**** Provided material ****

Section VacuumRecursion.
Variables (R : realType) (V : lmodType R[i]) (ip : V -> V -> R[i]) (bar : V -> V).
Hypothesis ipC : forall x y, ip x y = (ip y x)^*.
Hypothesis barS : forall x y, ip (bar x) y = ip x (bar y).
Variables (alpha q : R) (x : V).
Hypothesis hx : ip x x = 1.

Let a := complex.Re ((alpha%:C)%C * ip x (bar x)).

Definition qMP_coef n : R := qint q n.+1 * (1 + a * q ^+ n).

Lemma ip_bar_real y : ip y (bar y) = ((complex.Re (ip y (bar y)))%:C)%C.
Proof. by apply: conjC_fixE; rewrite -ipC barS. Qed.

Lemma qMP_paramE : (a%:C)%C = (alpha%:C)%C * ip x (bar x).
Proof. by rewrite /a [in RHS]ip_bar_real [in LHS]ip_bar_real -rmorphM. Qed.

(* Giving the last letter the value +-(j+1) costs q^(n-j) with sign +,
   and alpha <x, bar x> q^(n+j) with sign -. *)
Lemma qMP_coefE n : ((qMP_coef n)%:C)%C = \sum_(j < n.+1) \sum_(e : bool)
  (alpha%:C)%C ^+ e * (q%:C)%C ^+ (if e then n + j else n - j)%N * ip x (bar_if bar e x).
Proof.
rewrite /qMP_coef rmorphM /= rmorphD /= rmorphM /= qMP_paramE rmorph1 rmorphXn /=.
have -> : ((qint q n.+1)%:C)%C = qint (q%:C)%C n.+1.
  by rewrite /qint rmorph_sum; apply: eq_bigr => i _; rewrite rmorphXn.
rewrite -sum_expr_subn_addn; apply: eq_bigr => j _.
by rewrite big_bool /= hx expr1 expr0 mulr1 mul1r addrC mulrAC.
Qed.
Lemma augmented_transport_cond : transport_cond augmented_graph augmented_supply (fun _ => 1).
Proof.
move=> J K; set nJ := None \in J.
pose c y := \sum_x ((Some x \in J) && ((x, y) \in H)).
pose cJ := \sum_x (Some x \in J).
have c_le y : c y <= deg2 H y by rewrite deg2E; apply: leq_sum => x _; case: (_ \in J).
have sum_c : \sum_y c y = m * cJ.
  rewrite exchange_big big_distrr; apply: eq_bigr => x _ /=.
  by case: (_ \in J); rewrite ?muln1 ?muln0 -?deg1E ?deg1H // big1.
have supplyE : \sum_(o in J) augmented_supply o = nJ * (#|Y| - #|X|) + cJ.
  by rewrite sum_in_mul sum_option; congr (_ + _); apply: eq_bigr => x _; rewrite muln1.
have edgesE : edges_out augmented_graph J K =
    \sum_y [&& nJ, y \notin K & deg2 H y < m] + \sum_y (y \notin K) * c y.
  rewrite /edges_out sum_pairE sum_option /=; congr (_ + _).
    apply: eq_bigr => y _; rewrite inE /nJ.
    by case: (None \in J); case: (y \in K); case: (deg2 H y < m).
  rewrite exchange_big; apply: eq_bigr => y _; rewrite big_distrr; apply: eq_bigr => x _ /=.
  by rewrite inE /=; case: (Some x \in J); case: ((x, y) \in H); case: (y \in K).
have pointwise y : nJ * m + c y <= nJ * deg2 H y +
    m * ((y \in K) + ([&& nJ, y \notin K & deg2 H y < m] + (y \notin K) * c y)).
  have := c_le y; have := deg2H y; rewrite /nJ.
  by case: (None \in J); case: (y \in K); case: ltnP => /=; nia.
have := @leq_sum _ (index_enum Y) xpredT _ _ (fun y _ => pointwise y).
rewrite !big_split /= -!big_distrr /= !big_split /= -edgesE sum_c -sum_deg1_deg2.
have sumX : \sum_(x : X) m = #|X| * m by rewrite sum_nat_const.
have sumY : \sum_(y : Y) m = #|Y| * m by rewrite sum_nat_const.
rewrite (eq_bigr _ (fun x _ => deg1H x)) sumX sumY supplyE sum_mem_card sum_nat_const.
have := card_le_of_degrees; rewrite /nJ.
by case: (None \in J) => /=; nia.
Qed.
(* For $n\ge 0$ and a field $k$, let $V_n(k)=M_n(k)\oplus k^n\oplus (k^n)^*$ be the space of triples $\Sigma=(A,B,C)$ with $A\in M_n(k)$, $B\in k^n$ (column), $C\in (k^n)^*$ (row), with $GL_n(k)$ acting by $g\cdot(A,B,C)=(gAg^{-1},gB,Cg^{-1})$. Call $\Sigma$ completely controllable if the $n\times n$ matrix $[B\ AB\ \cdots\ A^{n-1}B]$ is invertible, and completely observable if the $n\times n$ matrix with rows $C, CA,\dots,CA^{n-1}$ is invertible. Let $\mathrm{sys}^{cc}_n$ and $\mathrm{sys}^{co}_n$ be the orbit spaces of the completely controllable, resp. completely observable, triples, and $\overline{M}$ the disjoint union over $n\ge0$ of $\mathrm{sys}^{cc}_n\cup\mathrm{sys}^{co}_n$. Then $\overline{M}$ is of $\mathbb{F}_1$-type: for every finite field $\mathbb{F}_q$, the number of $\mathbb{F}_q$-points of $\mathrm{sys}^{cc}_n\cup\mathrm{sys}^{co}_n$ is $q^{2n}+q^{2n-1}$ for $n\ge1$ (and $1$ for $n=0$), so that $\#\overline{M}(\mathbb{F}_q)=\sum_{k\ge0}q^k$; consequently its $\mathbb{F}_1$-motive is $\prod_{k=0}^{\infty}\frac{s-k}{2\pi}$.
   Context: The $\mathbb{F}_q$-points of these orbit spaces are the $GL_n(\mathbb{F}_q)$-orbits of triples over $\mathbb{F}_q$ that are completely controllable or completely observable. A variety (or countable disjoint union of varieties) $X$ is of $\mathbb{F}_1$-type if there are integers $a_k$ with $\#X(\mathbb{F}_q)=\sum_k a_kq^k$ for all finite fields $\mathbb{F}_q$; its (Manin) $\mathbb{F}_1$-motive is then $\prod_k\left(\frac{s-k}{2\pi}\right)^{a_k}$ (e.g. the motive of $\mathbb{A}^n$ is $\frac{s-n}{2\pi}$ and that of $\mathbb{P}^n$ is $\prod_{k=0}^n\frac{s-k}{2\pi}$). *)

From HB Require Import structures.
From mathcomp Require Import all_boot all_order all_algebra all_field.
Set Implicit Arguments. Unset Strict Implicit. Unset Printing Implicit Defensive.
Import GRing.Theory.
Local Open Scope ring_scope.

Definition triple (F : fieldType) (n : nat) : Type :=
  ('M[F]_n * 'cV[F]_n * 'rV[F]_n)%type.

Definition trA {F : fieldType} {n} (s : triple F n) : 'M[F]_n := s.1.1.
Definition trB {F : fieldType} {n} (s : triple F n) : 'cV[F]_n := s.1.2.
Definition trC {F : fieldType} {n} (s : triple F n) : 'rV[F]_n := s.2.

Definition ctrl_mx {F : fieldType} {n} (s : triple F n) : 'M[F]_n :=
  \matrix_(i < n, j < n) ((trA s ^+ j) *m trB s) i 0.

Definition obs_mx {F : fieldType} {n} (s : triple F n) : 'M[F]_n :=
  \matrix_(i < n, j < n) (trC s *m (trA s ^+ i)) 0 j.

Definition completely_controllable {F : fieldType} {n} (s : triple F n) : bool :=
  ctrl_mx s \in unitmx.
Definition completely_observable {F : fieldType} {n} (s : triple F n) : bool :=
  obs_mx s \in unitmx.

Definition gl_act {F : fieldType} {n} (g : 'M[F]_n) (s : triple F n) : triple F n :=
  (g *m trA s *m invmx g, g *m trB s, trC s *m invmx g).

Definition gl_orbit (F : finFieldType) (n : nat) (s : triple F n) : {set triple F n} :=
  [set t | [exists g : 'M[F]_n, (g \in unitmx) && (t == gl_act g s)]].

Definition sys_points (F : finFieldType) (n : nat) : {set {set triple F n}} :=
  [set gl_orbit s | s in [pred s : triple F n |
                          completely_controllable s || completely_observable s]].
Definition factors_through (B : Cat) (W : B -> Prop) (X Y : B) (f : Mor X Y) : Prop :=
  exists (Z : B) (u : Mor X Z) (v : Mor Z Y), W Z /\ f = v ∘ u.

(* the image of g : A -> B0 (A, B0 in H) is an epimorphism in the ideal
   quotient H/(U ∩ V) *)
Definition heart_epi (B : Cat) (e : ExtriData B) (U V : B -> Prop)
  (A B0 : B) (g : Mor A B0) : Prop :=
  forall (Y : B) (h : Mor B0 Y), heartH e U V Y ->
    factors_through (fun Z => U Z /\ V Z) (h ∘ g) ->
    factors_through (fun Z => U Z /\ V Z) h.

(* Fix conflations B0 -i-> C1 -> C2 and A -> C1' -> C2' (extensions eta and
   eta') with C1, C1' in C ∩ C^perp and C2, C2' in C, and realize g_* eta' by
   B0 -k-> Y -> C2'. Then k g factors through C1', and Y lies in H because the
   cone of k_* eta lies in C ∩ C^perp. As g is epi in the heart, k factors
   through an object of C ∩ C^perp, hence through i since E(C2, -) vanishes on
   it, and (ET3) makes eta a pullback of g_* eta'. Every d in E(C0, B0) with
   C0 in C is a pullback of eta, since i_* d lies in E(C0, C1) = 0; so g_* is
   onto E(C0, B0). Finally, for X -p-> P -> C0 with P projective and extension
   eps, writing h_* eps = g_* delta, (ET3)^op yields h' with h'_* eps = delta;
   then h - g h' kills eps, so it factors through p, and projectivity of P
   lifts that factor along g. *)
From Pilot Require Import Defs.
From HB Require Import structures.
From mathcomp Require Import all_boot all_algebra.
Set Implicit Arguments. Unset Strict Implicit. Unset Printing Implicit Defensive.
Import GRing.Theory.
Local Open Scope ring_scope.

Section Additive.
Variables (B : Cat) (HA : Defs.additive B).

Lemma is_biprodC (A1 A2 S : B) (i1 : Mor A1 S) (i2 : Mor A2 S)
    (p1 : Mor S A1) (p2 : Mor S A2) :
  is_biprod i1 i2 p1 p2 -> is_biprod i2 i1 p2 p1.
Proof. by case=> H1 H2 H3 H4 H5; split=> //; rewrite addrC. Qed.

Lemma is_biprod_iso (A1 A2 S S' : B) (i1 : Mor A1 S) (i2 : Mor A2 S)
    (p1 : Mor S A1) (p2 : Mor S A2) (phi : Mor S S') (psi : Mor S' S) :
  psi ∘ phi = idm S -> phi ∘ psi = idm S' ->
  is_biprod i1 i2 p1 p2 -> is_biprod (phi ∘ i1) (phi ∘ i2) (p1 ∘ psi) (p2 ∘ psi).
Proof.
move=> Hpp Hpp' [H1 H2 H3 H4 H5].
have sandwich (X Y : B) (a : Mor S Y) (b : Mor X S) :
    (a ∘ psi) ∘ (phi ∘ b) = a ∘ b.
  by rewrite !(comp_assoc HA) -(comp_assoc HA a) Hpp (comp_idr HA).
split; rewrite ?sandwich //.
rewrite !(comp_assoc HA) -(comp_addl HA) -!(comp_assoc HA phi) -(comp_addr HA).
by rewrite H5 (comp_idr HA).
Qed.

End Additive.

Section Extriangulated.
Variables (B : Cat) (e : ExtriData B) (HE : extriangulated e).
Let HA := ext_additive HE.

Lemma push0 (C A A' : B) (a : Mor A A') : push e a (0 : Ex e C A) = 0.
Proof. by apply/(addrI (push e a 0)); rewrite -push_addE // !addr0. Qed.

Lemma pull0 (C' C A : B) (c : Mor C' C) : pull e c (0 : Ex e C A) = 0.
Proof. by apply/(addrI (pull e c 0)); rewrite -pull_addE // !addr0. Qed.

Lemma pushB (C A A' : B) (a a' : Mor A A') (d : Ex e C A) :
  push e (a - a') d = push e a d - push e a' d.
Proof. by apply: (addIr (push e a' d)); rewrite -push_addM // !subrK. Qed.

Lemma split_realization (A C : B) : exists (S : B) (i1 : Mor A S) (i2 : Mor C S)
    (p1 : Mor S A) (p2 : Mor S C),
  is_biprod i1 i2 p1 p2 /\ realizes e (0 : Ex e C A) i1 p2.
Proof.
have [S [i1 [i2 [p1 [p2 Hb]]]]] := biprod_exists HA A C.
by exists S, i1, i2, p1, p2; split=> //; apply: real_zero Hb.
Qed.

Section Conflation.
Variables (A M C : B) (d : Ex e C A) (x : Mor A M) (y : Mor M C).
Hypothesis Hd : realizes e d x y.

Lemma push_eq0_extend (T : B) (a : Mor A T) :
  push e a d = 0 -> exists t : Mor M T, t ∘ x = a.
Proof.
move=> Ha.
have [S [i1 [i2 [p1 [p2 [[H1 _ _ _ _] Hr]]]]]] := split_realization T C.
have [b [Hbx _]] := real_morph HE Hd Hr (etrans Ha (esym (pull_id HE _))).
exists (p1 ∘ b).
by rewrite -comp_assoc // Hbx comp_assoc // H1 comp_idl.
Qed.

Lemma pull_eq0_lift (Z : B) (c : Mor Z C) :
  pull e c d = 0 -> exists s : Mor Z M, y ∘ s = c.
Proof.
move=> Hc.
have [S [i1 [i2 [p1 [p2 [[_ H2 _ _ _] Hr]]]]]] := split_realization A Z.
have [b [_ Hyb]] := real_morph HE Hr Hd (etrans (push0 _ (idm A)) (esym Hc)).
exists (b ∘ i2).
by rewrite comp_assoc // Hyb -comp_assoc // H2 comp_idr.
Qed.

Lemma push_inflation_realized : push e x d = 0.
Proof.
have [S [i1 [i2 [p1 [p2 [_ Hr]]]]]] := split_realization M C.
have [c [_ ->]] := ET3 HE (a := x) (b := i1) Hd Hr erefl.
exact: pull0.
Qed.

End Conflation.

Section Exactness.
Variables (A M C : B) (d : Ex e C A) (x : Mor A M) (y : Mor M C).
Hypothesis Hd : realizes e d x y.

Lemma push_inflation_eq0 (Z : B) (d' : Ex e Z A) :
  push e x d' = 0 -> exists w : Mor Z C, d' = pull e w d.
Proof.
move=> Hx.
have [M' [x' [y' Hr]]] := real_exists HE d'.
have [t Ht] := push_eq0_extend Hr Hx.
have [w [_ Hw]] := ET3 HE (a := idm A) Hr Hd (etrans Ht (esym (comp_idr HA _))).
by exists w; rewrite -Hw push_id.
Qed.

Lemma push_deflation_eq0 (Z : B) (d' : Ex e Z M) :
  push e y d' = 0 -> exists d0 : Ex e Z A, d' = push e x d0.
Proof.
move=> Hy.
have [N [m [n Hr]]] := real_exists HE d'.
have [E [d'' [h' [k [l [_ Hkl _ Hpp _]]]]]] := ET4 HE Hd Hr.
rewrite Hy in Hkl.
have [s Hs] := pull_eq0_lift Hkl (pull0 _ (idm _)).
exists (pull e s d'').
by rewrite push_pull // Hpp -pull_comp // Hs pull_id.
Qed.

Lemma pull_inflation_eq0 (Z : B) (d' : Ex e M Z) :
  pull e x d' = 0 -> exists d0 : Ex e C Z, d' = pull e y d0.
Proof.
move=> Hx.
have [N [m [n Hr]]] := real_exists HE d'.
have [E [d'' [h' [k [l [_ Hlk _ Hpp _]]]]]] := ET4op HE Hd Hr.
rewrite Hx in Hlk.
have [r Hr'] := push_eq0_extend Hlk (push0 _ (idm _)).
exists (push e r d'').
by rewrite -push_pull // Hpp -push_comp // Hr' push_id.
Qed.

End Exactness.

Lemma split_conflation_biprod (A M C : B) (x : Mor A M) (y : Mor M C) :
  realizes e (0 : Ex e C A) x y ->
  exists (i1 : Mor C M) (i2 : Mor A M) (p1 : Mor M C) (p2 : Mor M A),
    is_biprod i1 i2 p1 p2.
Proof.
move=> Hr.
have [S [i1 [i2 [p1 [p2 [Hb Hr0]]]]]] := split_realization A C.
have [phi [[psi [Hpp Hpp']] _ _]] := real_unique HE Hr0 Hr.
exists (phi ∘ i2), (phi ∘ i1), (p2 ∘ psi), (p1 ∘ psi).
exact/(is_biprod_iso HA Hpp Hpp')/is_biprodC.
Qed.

****

> [Your goal]: From the material above, copy exactly the lines between the line holding "realizes e (0 : Ex e C A) x y ->" and the line holding "have [phi [[psi", inclusive, and only those.

> [Solved exercise]:
  realizes e (0 : Ex e C A) x y ->
  exists (i1 : Mor C M) (i2 : Mor A M) (p1 : Mor M C) (p2 : Mor M A),
    is_biprod i1 i2 p1 p2.
Proof.
move=> Hr.
have [S [i1 [i2 [p1 [p2 [Hb Hr0]]]]]] := split_realization A C.
have [phi [[psi [Hpp Hpp']] _ _]] := real_unique HE Hr0 Hr.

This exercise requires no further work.